Let $M$ a differentiable manifold and $(U,\varphi)$ a chart with coordinate functions $(x_1,...,x_n)$. Let $p \in U$. Given $f:U\longrightarrow \mathbb{R}$, $f \in C^\infty(U)$, it is possible to consider $\frac{\partial^2 f}{\partial x_i \partial x_j}|_p$ and $\frac{\partial^2 f}{\partial x_j \partial x_i}|_p$. My goal is to prove that $$\frac{\partial^2 f}{\partial x_i \partial x_j}|_p=\frac{\partial^2 f}{\partial x_j \partial x_i}|_p$$
I know that $\frac{\partial f}{\partial x_i}|_p=\frac{\partial(f \circ \varphi^{-1})}{\partial r_i}|_{\varphi(p)}$ and $\frac{\partial f}{\partial x_j}|_p=\frac{\partial(f \circ \varphi^{-1})}{\partial r_j}|_{\varphi(p)}$, but I'm not sure about how to write correctly the proof.
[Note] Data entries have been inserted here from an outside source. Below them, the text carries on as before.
Lemma totally_artinian_surjective :
  (forall y, exists x, y = f x) ->
  totally_artinian F z add act -> totally_artinian F z' add' act'.
Proof.
move=> f_surj TA Q Qsub Qdec.
have [m [h [Fh Hh]]] :=
  TA (fun n x => Q n (f x)) (fun n => submodule_preimage (Qsub n)) (fun n x => Qdec n _).
exists m, h; split => // s le_ms r y hr; have [x ->] := f_surj y.
by rewrite -f_act; apply: Hh.
Qed.

End LinearTransfer.

Lemma proj1_sig_inj (T : Type) (P : T -> Prop) : injective (@proj1_sig T P).
Proof.
by case=> [x px] [y py] /= exy; subst y; congr exist; apply: proof_irrelevance.
Qed.

Section IdealFacts.
Variables (A : comPzRingType) (b : A -> Prop).
Hypothesis hb : is_ideal b.

Lemma ideal0 : b 0. Proof. by case: hb. Qed.
Lemma idealD x y : b x -> b y -> b (x + y). Proof. by case: hb => _ H _; apply: H. Qed.
Lemma idealMl r x : b x -> b (r * x). Proof. by case: hb => _ _ H; apply: H. Qed.
Lemma idealN x : b x -> b (- x). Proof. by move=> bx; rewrite -mulN1r; apply: idealMl. Qed.
Lemma idealB x y : b x -> b y -> b (x - y).
Proof. by move=> bx by'; apply: idealD => //; apply: idealN. Qed.

Lemma colon_ideal x : is_ideal (fun y => b (y * x)).
Proof.
split.
- by rewrite mul0r; apply: ideal0.
- by move=> y y' by1 by2; rewrite mulrDl; apply: idealD.
- by move=> r y byx; rewrite -mulrA; apply: idealMl.
Qed.

End IdealFacts.

Section IdealInclusion.
Variables (A : comPzRingType) (a : A -> Prop).
Hypothesis ha : is_ideal a.

Lemma idl_val_zero : proj1_sig (idl_zero ha) = 0.
Proof. by []. Qed.

Lemma idl_val_add u v : proj1_sig (idl_add ha u v) = proj1_sig u + proj1_sig v.
Proof. by []. Qed.

Lemma idl_val_act r u : proj1_sig (idl_act ha r u) = r * proj1_sig u.
Proof. by []. Qed.

End IdealInclusion.

Section GabrielFilter.
Variables (A : comPzRingType) (F : (A -> Prop) -> Prop).
Hypothesis hF : gabriel_filter F.

Lemma filter_ideal b : F b -> is_ideal b.
Proof. by case: hF => ideals _; apply: ideals. Qed.

Lemma filter_upward b c : F b -> is_ideal c -> (forall x, b x -> c x) -> F c.
Proof. by case: hF => _ [_ [upward _]]; apply: upward. Qed.

Lemma filter_transitive b c :
  is_ideal c -> F b -> (forall x, b x -> F (fun y => c (y * x))) -> F c.
Proof. by case: hF => _ [_ [_ [_ [_ trans]]]]; apply: trans. Qed.

End GabrielFilter.

Section Projection.
Variables (A : comPzRingType) (a : A -> Prop).
Hypothesis ha : is_ideal a.

Lemma qp_eq x y : a (x - y) -> qp a x = qp a y.
Proof.
move=> axy; apply: proj1_sig_inj; apply: functional_extensionality => w /=.
apply: propositional_extensionality; rewrite /coset; split => H.
- by rewrite -(addrNK x w) -addrA; apply: (idealD ha).
- by rewrite -(addrNK y w) -addrA -[y - x]opprB; apply: (idealB ha).
Qed.

Lemma qp_inj x y : qp a x = qp a y -> a (x - y).
Proof.
move/(f_equal (@proj1_sig _ _)) => /= e.
have : coset a x x by rewrite /coset subrr; apply: (ideal0 ha).
by rewrite e.
Qed.

Lemma qp_qrep (C : quot a) : qp a (qrep C) = C.
Proof.
apply: proj1_sig_inj; rewrite /qrep /=.
by case: (constructive_indefinite_description _ _).
Qed.

Lemma qrep_qp x : a (qrep (qp a x) - x).
Proof. by apply: qp_inj; rewrite qp_qrep. Qed.

Lemma qp_surj (C : quot a) : exists x, C = qp a x.
Proof. by exists (qrep C); rewrite qp_qrep. Qed.

Lemma qp_zero : qp a 0 = q_zero a.
Proof. by []. Qed.

Lemma qp_add x y : qp a (x + y) = q_add (qp a x) (qp a y).
Proof. by apply/esym/qp_eq; rewrite opprD addrACA; apply: (idealD ha); apply: qrep_qp. Qed.

Lemma qp_act r x : qp a (r * x) = q_act r (qp a x).
Proof. by apply/esym/qp_eq; rewrite -mulrBr; apply: (idealMl ha); apply: qrep_qp. Qed.

Lemma q_act_mul r (D : quot a) : q_act r D = q_mul (qp a r) D.
Proof.
apply: qp_eq; rewrite -mulrBl mulrC; apply: (idealMl ha).
by rewrite -opprB; apply: (idealN ha); apply: qrep_qp.
Qed.

End Projection.

Section Extension.
Variables (A : comPzRingType) (F : (A -> Prop) -> Prop) (a : A -> Prop).
Hypothesis hF : gabriel_filter F.
Hypothesis ha : is_ideal a.
Variable N : nat -> A -> Prop.
Hypothesis Nsub : forall n, is_ideal (N n).
Hypothesis Ndec : forall n x, N n.+1 x -> N n x.

Lemma trace_bound : tsa_ideal F ha ->
  exists m, exists2 h, F h &
    forall s, (m <= s)%N -> forall r x, h r -> a x -> N m x -> N s (r * x).
Proof.
move=> TA.
have Ksub n : is_submodule (idl_zero ha) (idl_add ha) (idl_act ha)
                (fun u => N n (proj1_sig u)).
  exact: (submodule_preimage (idl_val_zero ha) (idl_val_add ha) (idl_val_act ha) (Nsub n)).
have [m [h [Fh Hh]]] := TA _ Ksub (fun n u => @Ndec n _).
exists m, h => // s le_ms r x hr ax Nx.
exact: (Hh s le_ms r (exist _ x ax)).
Qed.

Lemma image_bound : tsa_quot_module F a ->
  exists m, exists2 h, F h &
    forall s, (m <= s)%N -> forall r x, h r -> N m x -> exists2 z, N s z & a (r * x - z).
Proof.
move=> TA.
have Qsub n := submodule_image (qp_zero a) (qp_add ha) (qp_act ha) (Nsub n).
have Qdec n C : (exists2 x, N n.+1 x & C = qp a x) -> exists2 x, N n x & C = qp a x.
  by case=> x Nx ->; exists x => //; apply: Ndec.
have [m [h [Fh Hh]]] := TA _ Qsub Qdec.
exists m, h => // s le_ms r x hr Nx.
have [z Nz] := Hh s le_ms r (qp a x) hr (ex_intro2 _ _ x Nx erefl).
by rewrite -(qp_act ha) => /(qp_inj ha); exists z.
Qed.

Definition stabilizer (m : nat) : A -> Prop :=
  fun y => forall s, (m <= s)%N -> forall x, N m x -> N s (y * x).

Lemma stabilizer_ideal m : is_ideal (stabilizer m).
Proof.
split.
- by move=> s _ x _; rewrite mul0r; apply: (ideal0 (Nsub s)).
- move=> y y' Sy Sy' s le_ms x Nx; rewrite mulrDl.
  by apply: (idealD (Nsub s)); [apply: Sy | apply: Sy'].
- by move=> r y Sy s le_ms x Nx; rewrite -mulrA; apply: (idealMl (Nsub s)); apply: Sy.
Qed.

Lemma stabilizer_product m1 h1 m2 h2 :
  (forall s, (m1 <= s)%N -> forall r x, h1 r -> N m1 x -> exists2 z, N s z & a (r * x - z)) ->
  (forall s, (m2 <= s)%N -> forall r x, h2 r -> a x -> N m2 x -> N s (r * x)) ->
  forall x y, h1 x -> h2 y -> stabilizer (maxn m1 m2) (y * x).
Proof.
move=> H1 H2 x y h1x h2y s le_ms n Nn.
have Nmono := chain_antitone Ndec.
have le_1s : (m1 <= s)%N by apply: leq_trans le_ms; apply: leq_maxl.
have le_2s : (m2 <= s)%N by apply: leq_trans le_ms; apply: leq_maxr.
have [z Nz axz] := H1 s le_1s x n h1x (Nmono _ _ _ (leq_maxl m1 m2) Nn).
(* x n - z lies in a and in N_m, hence y (x n - z) lies in N_s. *)
have Nd : N (maxn m1 m2) (x * n - z).
  apply: (idealB (Nsub _)); first exact: (idealMl (Nsub _)).
  exact: Nmono le_ms Nz.
have Nyd := H2 s le_2s y _ h2y axz (Nmono _ _ _ (leq_maxr m1 m2) Nd).
rewrite -mulrA -(subrK z (x * n)) mulrDr.
by apply: (idealD (Nsub s)) => //; apply: (idealMl (Nsub s)).
Qed.

Lemma stabilizer_in_filter : tsa_ideal F ha -> tsa_quot_module F a ->
  exists m, F (stabilizer m).
Proof.
move=> TI TQ.
have [m1 [h1 Fh1 H1]] := image_bound TQ.
have [m2 [h2 Fh2 H2]] := trace_bound TI.
exists (maxn m1 m2).
apply: (filter_transitive hF (stabilizer_ideal _) Fh1) => x h1x.
apply: (filter_upward hF Fh2 (colon_ideal (stabilizer_ideal _) x)) => y h2y.
exact: (stabilizer_product H1 H2).
Qed.

End Extension.

Lemma tsa_ring_extension (A : comPzRingType) (F : (A -> Prop) -> Prop)
  (a : A -> Prop) (hF : gabriel_filter F) (ha : is_ideal a) :
  tsa_ideal F ha -> tsa_quot_module F a -> tsa_ring F.
Proof.
move=> TI TQ N Nsub Ndec.
have [m Fm] := stabilizer_in_filter hF Nsub Ndec TI TQ.
by exists m, (stabilizer N m); split => // s le_ms r x Sr; apply: Sr.
Qed.

Section ChangeOfScalars.
Variables (A : comPzRingType) (F : (A -> Prop) -> Prop) (a : A -> Prop).
Hypothesis ha : is_ideal a.

Lemma quot_submoduleE (N : quot a -> Prop) :
  is_submodule (q_zero a) (@q_add _ a) (@q_act _ a) N <->
  is_submodule (q_zero a) (@q_add _ a) (@q_mul _ a) N.
Proof.
split; case=> N0 ND NZ; split => // r C NC.
- by rewrite -[r]qp_qrep -(q_act_mul ha); apply: NZ.
- by rewrite (q_act_mul ha); apply: NZ.
Qed.

Lemma pfilter_image (hF : gabriel_filter F) (h : A -> Prop) :
  F h -> pfilter F (fun C => exists2 r, h r & C = qp a r).
Proof.
move=> Fh.
have im_sub := submodule_image (qp_zero a) (qp_add ha) (qp_act ha) (filter_ideal hF Fh).
split; first by apply/quot_submoduleE.
apply: (filter_upward hF Fh); last by move=> x hx; exists x.
exact: (submodule_preimage (qp_zero a) (qp_add ha) (qp_act ha) im_sub).
Qed.

Lemma tsa_quot_module_ring (hF : gabriel_filter F) :
  tsa_quot_module F a -> tsa_quot_ring F a.
Proof.
move=> TA N Nsub Ndec.
have [m [h [Fh Hh]]] := TA N (fun n => (quot_submoduleE _).2 (Nsub n)) Ndec.
exists m, (fun C => exists2 r, h r & C = qp a r); split; first exact: pfilter_image.
by move=> s le_ms _ D [r hr ->] ND; rewrite -(q_act_mul ha); apply: Hh.
Qed.

Lemma tsa_quot_ring_module : tsa_quot_ring F a -> tsa_quot_module F a.
Proof.
move=> TA N Nsub Ndec.
have [m [b [[_ Fb] Hb]]] := TA N (fun n => (quot_submoduleE _).1 (Nsub n)) Ndec.
exists m, (fun x => b (qp a x)); split => // s le_ms r C br NC.
by rewrite (q_act_mul ha); apply: Hb.
Qed.

End ChangeOfScalars.

Theorem mainTheorem11 (A : comPzRingType) (F : (A -> Prop) -> Prop)
  (hF : gabriel_filter F) (a : A -> Prop) (ha : is_ideal a) :
  (tsa_ring F <-> tsa_ideal F ha /\ tsa_quot_module F a) /\
  (tsa_quot_module F a <-> tsa_quot_ring F a).
Proof.
split; last by split; [apply: tsa_quot_module_ring | apply: tsa_quot_ring_module].
split; last by case; apply: tsa_ring_extension.
move=> TA; split.
-
  exact: (totally_artinian_injective (idl_val_zero ha) (idl_val_add ha) (idl_val_act ha)
           (@proj1_sig_inj _ a)) TA.
-
  exact: (totally_artinian_surjective (qp_zero a) (qp_add ha) (qp_act ha) (@qp_surj _ a)) TA.
Qed.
This is my attemp: $$\frac{\partial^2 f}{\partial x_i \partial x_j}|_p= \frac{\partial (\frac{\partial f}{\partial x_i})}{\partial x_j}|_p=\frac{\partial ( \frac{\partial f}{\partial x_i}\circ \varphi^{-1})}{\partial r_j}|_{\varphi(p)}=\frac{\partial ( \frac{\partial f \circ \varphi^{-1}}{\partial r_i}\circ \varphi^{-1})}{\partial r_j}|_{\varphi(p)}$$ In a similar way we have
$$\frac{\partial^2 f}{\partial x_j \partial x_i}|_p=\frac{\partial ( \frac{\partial f \circ \varphi^{-1}}{\partial r_j}\circ \varphi^{-1})}{\partial r_i}|_{\varphi(p)}$$
We have
\begin{align}\frac{\partial^2 f}{\partial x_i \partial x_j}\bigg|_p &= \frac{\partial}{\partial x_i}\left(\frac{\partial f}{\partial x_j}\right)\bigg|_p = \frac{\partial}{\partial r_i}\left(\frac{\partial f}{\partial x_j} \circ \phi^{-1}\right)\bigg|_{\phi(p)}\\ &= \frac{\partial}{\partial r_i}\left(\frac{\partial(f\circ \phi^{-1})}{\partial r_j}\circ \phi \circ \phi^{-1}\right)\bigg|_{\phi(p)}\\ &= \frac{\partial}{\partial r_i}\left(\frac{\partial (f\circ \phi^{-1})}{\partial r_j}\right)\bigg|_{\phi(p)}\\ \end{align}
and similarly $$\frac{\partial^2 f}{\partial x_j \partial x_i}\bigg|_p = \frac{\partial}{\partial r_j}\left(\frac{\partial (f\circ \phi^{-1})}{\partial r_i}\right)\bigg|_{\phi(p)}.$$ Since $$\frac{\partial}{\partial r_j}\left(\frac{\partial(f\circ \phi^{-1})}{\partial r_i}\right)\bigg|_{\phi(p)} = \frac{\partial}{\partial r_i}\left(\frac{\partial (f \circ \phi^{-1})}{\partial r_j}\right)\bigg|_{\phi(p)}$$
the result follows.